Try it:
Transcribe exactly everything in the data below from the line containing "Section Example." down to the line containing "case=> [[|[|[|[|s]]]] Hs] //= [[|[|a]]", both lines included and nothing further.

Data for the task:
============

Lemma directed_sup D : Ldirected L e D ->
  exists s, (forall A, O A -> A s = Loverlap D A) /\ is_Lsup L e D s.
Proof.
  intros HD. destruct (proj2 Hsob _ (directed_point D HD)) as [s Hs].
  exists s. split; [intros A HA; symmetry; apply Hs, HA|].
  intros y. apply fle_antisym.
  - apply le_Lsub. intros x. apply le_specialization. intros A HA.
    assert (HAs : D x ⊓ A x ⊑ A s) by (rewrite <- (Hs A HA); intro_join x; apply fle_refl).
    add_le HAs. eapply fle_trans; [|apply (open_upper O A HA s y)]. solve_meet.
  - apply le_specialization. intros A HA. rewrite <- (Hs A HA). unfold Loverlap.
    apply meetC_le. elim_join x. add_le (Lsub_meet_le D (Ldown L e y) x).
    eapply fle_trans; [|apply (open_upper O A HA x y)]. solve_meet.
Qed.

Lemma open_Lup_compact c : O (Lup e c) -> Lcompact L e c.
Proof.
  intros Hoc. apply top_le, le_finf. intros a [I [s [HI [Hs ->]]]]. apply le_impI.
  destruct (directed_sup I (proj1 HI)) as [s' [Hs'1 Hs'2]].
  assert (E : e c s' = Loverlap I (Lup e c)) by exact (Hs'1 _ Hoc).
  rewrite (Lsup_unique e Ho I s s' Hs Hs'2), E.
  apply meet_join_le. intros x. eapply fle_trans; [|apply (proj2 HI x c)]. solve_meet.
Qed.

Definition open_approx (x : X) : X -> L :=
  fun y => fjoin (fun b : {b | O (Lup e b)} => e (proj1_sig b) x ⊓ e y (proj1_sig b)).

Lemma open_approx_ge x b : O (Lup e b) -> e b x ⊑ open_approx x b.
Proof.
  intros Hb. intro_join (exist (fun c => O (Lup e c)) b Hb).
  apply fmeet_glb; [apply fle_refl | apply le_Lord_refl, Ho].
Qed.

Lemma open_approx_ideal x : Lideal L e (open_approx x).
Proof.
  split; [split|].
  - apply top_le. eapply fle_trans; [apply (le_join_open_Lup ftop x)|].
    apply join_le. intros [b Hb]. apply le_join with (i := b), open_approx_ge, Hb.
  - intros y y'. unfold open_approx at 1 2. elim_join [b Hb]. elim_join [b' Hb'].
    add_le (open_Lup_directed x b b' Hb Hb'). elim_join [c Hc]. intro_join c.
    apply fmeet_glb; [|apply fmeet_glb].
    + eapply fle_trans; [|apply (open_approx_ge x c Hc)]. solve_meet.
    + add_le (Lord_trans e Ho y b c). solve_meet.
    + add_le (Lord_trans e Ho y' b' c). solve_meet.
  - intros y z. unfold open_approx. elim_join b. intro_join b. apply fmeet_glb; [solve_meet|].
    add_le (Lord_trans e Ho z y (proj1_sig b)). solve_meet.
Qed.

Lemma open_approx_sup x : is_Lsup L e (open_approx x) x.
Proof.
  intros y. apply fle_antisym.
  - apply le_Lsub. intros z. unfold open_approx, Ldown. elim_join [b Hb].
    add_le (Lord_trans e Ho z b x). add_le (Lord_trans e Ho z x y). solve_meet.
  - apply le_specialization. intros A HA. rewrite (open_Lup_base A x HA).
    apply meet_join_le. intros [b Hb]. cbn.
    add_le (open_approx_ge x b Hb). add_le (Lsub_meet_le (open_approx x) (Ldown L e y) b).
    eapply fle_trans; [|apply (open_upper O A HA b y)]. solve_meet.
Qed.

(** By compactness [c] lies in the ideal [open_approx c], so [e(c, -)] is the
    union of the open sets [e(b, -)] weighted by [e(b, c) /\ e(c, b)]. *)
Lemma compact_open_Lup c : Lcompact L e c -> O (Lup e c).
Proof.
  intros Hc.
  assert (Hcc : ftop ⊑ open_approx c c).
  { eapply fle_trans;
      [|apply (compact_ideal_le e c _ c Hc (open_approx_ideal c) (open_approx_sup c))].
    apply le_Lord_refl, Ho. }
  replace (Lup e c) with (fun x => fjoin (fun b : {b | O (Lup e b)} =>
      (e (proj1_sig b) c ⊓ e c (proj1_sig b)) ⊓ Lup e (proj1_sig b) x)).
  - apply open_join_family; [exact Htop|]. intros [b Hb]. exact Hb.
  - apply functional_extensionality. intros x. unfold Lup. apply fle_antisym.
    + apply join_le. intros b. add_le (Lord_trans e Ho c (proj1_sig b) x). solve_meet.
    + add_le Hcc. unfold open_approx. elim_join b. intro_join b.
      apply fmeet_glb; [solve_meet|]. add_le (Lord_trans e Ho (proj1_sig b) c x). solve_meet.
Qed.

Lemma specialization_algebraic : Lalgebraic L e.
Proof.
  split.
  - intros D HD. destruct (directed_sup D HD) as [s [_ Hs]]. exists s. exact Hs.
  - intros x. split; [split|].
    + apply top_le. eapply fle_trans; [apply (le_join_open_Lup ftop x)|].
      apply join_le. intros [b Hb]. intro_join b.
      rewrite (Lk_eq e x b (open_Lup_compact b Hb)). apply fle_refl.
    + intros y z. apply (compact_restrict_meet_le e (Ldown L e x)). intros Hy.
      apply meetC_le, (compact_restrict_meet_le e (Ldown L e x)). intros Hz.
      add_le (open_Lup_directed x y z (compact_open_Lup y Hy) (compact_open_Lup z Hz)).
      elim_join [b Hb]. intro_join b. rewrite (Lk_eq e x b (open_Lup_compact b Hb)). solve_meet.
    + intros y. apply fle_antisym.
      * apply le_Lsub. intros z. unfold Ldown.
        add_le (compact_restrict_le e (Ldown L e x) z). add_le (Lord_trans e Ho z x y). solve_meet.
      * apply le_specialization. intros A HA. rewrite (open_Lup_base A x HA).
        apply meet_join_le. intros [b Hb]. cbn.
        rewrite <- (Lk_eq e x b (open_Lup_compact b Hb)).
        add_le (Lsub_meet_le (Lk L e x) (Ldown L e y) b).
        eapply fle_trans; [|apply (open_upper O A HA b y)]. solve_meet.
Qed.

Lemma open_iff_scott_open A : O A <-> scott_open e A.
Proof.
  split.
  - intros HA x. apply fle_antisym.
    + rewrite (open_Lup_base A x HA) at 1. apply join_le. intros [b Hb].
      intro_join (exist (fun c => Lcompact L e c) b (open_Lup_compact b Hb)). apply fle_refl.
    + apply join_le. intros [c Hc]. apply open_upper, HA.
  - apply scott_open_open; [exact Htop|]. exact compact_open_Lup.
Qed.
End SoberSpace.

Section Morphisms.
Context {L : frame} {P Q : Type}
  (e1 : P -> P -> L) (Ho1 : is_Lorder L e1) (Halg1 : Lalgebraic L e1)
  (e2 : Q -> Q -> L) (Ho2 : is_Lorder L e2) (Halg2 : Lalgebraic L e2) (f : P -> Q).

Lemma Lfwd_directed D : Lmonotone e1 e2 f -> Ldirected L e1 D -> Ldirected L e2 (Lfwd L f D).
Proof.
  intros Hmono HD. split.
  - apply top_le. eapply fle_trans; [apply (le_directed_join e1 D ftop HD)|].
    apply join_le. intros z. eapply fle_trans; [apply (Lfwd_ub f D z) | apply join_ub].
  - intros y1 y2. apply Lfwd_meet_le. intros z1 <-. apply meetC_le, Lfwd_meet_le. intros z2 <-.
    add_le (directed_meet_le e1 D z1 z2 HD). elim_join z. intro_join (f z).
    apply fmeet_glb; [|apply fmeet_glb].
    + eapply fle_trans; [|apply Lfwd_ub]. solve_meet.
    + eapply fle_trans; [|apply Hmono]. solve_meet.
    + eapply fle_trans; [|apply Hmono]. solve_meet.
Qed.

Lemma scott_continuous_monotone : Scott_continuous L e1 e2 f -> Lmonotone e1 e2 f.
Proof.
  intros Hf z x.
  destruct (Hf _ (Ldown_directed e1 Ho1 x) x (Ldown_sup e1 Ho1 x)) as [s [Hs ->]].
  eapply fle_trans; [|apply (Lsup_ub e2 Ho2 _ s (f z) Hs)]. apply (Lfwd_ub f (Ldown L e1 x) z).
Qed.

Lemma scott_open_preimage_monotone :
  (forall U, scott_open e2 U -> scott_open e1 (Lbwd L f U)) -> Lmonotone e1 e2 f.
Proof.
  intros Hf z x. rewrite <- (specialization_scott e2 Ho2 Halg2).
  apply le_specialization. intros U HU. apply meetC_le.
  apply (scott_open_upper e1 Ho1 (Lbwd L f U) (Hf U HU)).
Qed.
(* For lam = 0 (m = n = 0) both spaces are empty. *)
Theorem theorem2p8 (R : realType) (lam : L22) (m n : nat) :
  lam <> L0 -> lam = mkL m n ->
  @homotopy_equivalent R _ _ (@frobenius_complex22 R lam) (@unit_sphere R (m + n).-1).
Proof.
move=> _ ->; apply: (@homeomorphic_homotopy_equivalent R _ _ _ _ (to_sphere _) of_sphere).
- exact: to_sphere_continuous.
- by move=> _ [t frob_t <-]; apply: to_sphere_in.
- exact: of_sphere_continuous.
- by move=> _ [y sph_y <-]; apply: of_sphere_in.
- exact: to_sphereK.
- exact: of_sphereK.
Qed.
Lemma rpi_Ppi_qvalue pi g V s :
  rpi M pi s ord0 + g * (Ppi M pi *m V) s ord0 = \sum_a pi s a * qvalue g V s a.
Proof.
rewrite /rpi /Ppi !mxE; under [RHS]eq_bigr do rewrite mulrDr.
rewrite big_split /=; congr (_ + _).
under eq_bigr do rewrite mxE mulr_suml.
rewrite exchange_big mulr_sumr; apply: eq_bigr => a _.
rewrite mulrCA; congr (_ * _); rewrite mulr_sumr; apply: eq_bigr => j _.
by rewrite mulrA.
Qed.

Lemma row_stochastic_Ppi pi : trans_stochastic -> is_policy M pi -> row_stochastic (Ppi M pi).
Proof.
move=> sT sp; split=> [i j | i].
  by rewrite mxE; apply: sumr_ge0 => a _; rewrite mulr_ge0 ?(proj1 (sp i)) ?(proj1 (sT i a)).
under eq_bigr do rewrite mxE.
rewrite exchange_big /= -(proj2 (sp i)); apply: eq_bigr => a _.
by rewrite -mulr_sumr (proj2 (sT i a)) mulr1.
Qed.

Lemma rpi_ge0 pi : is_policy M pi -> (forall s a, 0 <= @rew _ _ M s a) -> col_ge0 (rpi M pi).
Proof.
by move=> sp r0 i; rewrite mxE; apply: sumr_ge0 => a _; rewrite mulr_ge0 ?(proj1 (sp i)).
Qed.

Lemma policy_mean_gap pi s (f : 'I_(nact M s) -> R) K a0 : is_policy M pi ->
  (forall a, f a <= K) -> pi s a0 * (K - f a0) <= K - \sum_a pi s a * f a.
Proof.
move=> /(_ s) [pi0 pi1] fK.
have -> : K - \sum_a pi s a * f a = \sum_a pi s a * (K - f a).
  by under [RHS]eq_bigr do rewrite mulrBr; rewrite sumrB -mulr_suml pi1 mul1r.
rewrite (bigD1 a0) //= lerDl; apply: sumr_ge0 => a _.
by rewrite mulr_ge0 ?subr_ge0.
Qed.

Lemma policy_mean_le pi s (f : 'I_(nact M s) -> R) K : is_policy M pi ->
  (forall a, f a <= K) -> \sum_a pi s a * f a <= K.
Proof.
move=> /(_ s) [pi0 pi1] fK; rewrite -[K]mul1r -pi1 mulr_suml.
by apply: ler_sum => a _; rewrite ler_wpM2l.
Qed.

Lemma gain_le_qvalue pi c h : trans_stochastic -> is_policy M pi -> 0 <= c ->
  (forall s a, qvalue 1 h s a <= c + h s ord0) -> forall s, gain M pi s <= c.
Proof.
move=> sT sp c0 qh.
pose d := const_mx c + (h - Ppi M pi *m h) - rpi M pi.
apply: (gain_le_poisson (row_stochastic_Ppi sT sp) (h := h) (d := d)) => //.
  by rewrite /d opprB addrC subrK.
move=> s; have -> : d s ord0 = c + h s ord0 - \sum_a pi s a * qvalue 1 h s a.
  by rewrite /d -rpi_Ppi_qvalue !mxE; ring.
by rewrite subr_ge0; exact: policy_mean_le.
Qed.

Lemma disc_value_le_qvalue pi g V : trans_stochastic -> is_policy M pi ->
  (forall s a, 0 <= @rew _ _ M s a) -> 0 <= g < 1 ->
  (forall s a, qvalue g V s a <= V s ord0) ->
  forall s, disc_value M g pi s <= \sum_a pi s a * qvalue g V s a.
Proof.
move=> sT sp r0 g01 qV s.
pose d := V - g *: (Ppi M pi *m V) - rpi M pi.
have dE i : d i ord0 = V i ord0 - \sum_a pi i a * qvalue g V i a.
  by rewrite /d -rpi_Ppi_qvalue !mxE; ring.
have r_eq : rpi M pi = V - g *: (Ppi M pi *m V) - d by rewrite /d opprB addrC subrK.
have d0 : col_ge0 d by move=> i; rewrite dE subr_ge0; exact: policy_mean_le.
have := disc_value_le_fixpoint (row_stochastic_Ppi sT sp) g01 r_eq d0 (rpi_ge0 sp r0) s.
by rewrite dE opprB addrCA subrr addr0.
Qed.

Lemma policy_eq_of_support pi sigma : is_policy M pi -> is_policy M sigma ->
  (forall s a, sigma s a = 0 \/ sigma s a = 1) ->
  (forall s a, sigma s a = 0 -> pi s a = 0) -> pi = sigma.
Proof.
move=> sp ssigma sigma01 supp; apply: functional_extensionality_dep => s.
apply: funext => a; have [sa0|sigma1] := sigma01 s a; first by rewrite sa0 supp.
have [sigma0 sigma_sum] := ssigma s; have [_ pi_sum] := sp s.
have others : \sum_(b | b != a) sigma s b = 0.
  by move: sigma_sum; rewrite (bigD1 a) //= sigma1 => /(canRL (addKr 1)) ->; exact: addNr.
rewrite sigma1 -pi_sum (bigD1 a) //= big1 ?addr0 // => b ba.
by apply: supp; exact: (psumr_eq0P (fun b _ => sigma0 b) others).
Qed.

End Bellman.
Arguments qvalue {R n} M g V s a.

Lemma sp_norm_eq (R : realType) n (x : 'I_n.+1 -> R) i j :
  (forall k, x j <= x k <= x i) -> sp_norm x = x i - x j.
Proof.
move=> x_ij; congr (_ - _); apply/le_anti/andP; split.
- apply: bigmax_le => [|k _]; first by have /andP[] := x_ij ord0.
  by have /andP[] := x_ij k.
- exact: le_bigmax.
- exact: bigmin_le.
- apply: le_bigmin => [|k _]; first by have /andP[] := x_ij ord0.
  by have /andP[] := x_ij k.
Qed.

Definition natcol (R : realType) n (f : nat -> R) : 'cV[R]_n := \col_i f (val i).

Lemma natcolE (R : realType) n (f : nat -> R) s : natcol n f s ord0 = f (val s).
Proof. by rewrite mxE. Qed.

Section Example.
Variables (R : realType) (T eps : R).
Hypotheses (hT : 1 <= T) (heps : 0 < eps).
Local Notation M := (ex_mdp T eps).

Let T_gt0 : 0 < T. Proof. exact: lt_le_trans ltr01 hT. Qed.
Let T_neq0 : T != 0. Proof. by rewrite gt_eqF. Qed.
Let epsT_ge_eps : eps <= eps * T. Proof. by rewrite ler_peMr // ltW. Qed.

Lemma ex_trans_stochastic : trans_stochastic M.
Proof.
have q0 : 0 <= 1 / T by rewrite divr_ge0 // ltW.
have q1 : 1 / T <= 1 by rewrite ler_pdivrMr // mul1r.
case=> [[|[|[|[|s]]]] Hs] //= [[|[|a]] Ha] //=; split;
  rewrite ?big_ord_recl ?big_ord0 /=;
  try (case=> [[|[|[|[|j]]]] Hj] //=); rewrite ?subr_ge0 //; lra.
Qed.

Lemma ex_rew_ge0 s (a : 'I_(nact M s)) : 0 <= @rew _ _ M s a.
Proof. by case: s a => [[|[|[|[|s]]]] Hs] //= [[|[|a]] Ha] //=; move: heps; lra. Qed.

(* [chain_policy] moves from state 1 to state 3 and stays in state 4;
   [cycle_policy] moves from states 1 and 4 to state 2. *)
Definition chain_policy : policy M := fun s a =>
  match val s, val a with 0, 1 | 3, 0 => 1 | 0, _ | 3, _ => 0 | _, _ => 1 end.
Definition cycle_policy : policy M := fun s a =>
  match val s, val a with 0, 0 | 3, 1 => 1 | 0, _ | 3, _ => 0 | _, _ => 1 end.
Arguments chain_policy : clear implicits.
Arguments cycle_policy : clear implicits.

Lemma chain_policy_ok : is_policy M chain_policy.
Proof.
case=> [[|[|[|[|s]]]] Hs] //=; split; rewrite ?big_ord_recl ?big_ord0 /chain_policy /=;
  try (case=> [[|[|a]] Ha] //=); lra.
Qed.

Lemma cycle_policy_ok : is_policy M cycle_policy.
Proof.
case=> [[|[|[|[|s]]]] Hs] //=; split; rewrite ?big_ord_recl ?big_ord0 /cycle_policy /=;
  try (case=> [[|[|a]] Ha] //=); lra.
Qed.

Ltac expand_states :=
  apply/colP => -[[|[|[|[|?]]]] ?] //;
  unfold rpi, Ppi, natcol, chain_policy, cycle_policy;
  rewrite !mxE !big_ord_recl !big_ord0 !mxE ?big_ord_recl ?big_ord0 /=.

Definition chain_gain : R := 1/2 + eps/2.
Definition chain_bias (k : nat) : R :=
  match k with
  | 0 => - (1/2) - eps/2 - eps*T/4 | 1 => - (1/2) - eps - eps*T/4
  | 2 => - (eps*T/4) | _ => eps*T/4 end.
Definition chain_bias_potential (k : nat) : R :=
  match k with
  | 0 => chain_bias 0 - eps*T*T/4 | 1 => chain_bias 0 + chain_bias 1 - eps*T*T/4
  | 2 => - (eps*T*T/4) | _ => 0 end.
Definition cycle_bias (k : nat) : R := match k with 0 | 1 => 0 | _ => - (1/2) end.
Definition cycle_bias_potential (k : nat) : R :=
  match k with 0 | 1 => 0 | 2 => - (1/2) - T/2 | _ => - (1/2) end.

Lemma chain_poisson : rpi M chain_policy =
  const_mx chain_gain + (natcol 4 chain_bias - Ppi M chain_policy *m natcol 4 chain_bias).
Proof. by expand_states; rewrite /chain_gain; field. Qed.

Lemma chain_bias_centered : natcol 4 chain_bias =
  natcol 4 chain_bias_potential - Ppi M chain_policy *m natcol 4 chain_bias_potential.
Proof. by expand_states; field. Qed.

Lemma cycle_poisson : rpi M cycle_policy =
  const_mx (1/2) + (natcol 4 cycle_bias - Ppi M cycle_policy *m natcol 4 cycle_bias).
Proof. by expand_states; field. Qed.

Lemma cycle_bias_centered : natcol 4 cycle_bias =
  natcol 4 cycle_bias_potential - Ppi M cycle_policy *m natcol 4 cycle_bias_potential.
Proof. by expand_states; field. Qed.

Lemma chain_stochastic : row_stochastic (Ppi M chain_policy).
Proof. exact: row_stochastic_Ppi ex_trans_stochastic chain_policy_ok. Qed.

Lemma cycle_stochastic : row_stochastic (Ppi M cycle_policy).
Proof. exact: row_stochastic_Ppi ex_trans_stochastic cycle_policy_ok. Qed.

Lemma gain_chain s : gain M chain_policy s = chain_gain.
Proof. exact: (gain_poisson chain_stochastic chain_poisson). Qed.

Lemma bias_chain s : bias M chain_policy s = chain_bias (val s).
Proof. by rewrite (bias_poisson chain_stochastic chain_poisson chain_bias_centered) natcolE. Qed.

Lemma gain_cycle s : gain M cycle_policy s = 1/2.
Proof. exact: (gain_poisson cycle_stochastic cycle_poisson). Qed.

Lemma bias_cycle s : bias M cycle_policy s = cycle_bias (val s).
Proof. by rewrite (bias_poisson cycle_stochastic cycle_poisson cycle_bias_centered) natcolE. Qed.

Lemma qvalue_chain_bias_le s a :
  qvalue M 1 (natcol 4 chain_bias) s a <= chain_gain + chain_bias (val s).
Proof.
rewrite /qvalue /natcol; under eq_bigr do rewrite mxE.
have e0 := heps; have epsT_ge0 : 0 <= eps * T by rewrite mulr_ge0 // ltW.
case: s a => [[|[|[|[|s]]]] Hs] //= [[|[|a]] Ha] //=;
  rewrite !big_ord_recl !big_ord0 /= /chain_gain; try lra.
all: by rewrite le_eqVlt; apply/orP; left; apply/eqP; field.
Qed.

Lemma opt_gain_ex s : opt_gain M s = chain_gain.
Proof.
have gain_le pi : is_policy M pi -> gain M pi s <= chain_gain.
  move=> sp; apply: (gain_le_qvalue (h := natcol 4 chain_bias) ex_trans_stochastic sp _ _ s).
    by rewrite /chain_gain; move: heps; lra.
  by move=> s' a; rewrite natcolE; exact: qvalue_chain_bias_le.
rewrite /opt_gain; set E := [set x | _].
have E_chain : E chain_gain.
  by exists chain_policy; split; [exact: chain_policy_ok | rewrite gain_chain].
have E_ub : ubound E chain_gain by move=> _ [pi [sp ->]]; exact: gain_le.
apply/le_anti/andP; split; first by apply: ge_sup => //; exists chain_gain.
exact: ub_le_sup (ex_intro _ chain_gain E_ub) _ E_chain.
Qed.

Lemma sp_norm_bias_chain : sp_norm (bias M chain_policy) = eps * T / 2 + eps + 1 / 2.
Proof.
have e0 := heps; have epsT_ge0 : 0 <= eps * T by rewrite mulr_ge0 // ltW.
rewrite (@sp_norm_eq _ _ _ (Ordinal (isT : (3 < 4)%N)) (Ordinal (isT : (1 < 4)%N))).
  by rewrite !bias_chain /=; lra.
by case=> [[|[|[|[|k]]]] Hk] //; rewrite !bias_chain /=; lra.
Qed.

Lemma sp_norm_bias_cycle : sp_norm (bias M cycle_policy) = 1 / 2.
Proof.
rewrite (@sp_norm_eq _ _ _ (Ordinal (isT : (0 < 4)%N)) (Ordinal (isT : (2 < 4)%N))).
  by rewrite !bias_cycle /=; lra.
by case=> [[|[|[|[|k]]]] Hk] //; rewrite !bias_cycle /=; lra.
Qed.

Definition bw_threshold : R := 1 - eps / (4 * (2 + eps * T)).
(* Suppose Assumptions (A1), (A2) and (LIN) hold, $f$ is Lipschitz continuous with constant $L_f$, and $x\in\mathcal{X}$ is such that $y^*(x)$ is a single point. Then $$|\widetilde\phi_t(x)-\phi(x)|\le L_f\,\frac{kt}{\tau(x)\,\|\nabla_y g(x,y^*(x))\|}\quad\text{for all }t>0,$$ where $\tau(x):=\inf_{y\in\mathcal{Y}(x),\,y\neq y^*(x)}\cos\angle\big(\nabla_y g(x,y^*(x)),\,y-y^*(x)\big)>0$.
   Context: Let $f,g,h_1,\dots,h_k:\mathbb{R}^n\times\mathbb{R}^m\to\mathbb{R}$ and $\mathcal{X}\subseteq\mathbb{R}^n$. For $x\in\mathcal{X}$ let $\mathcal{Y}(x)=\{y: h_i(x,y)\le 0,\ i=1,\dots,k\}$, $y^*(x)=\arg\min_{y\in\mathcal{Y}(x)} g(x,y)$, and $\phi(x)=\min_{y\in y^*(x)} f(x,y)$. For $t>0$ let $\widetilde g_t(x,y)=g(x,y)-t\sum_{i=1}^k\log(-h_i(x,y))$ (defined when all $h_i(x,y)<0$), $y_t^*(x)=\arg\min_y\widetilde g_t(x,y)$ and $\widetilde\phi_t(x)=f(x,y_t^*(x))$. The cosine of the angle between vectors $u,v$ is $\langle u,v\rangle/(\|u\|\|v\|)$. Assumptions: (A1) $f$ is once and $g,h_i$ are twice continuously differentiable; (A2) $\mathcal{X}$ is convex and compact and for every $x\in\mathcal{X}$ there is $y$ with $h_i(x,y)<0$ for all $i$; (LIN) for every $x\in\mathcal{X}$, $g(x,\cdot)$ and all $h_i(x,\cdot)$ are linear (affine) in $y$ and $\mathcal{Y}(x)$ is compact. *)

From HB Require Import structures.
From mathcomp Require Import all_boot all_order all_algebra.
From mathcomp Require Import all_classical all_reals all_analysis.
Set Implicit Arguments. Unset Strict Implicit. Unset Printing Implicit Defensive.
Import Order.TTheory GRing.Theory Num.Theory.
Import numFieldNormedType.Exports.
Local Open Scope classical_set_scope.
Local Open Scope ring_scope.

============

Response:
Section Example.
Variables (R : realType) (T eps : R).
Hypotheses (hT : 1 <= T) (heps : 0 < eps).
Local Notation M := (ex_mdp T eps).

Let T_gt0 : 0 < T. Proof. exact: lt_le_trans ltr01 hT. Qed.
Let T_neq0 : T != 0. Proof. by rewrite gt_eqF. Qed.
Let epsT_ge_eps : eps <= eps * T. Proof. by rewrite ler_peMr // ltW. Qed.

Lemma ex_trans_stochastic : trans_stochastic M.
Proof.
have q0 : 0 <= 1 / T by rewrite divr_ge0 // ltW.
have q1 : 1 / T <= 1 by rewrite ler_pdivrMr // mul1r.
case=> [[|[|[|[|s]]]] Hs] //= [[|[|a]] Ha] //=; split;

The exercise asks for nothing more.